Он ерзает на диване, испытывая не меньшую неловкость, чем я, потому что разговор наконец добрался до наших отношений.
– А тебе удалось выяснить, что приключилось с… с Дейзи и…
– С Линной.
– Да-да. С Линной. В статье сказано, что они попросту исчезли. – Уилл не отрываясь глядит на меня, обшаривая глазами лицо. – Джейн? – говорит он и тут же как бы спохватывается. – Эмма? – осторожно добавляет, будто пробуя мое имя на вкус. – Тебе известно, что с ними сталось?
– Нет, – отвечаю я.
Вранье. Пусть даже наполовину, все равно вранье.
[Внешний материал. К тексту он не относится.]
(* Let $\mathcal{O}$ be a $\Bbbk$-linear cyclic operad with multiplication and consider the associated cocyclic module with cochain complex $\mathcal{C}^*(\mathcal{O})$. Then the cyclic cochains $\mathcal{C}^n_\lambda(\mathcal{O})=\{f\in\mathcal{O}(n):\tau_nf=(-1)^nf\}$ form a subcomplex $\mathcal{C}^*_\lambda(\mathcal{O})$ of $\mathcal{C}^*(\mathcal{O})$ which is stable under the Lie bracket of degree $-1$. In particular, the cyclic cohomology $HC^*_\lambda(\mathcal{C}^*(\mathcal{O}))$ (the cohomology of $\mathcal{C}^*_\lambda(\mathcal{O})$) has naturally a structure of graded Lie algebra of degree $-1$.
   Context: $\Bbbk$ is a commutative ring. A non-symmetric operad $\mathcal{O}$ has modules $\mathcal{O}(n)$, an identity $id\in\mathcal{O}(1)$ and associative unital partial compositions $\circ_i:\mathcal{O}(m)\otimes\mathcal{O}(n)\to\mathcal{O}(m+n-1)$. It is cyclic if equipped with linear maps $\tau_n:\mathcal{O}(n)\to\mathcal{O}(n)$ with $\tau_n^{n+1}=id$, $\tau_{m+n-1}(f\circ_1g)=\tau_ng\circ_n\tau_mf$ for $m,n\ge1$, and $\tau_{m+n-1}(f\circ_ig)=\tau_mf\circ_{i-1}g$ for $m\ge2$, $n\ge0$, $2\le i\le m$. A cyclic operad with multiplication is a cyclic operad with $\mu\in\mathcal{O}(2)$, $e\in\mathcal{O}(0)$ such that $\mu\circ_1\mu=\mu\circ_2\mu$, $\mu\circ_1e=id=\mu\circ_2e$ and $\tau_2\mu=\mu$. The cochain complex $\mathcal{C}^*(\mathcal{O})$ has $\mathcal{O}(n)$ in degree $n$ and differential $df=\mu\circ_2f+\sum_{i=1}^n(-1)^if\circ_i\mu+(-1)^{n+1}\mu\circ_1f$ (cofaces $\delta_0f=\mu\circ_2f$, $\delta_if=f\circ_i\mu$, $\delta_{n+1}f=\mu\circ_1f$, codegeneracies $\sigma_{i-1}f=f\circ_ie$, cyclic operators $\tau_n$). The Lie bracket of degree $-1$ on $\mathcal{C}^*(\mathcal{O})$ is $\{f,g\}=f\bar\circ g-(-1)^{(m-1)(n-1)}g\bar\circ f$ with $f\bar\circ g=(-1)^{(m-1)(n-1)}\sum_{i=1}^m(-1)^{(n-1)(i-1)}f\circ_ig$ for $f\in\mathcal{O}(m)$, $g\in\mathcal{O}(n)$. *)

From HB Require Import structures.
From mathcomp Require Import all_boot all_order all_algebra.
Set Implicit Arguments. Unset Strict Implicit. Unset Printing Implicit Defensive.
Import Order.TTheory GRing.Theory Num.Theory.
Local Open Scope ring_scope.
* * *Несмотря на состоявшийся разговор, я так и не сообщила Уиллу ни про компьютерное послание насчет якобы еще живой Дейзи, ни про письмо, которое я засунула поглубже в сервант, что стоит у меня на кухне. Вместо этого выложила ему нашу историю, так сказать, конспективно. Объяснила, почему мы выбрали именно Непал. Рассказала, с каким восторгом мы добрались наконец до «Эканта-ятры», до чего славными были самые первые деньки, когда мы плескались в речке, бесились под водопадом, читали книжки в гамаках и потягивали пиво, усевшись в кружок у вечернего костра. А потом дела пошли по-другому, мы тоже стали другими, да и само место превратилось в опасную ловушку. Я не стала вдаваться в подробности, что случилось с Айзеком или Фрэнком. Умолчала про Рут, Гейба и Йоханна. Просто дала понять Уиллу, что я была жутко перепугана – в жизни не испытывала такого ужаса! – а он, пока я говорила, не выпускал меня из рук и то и дело поправлял прядь, что свешивается мне на лицо. Он раз за разом повторял, что все закончилось, что надо успокоиться и что слезы помогают, однако мои глаза так и остались сухими.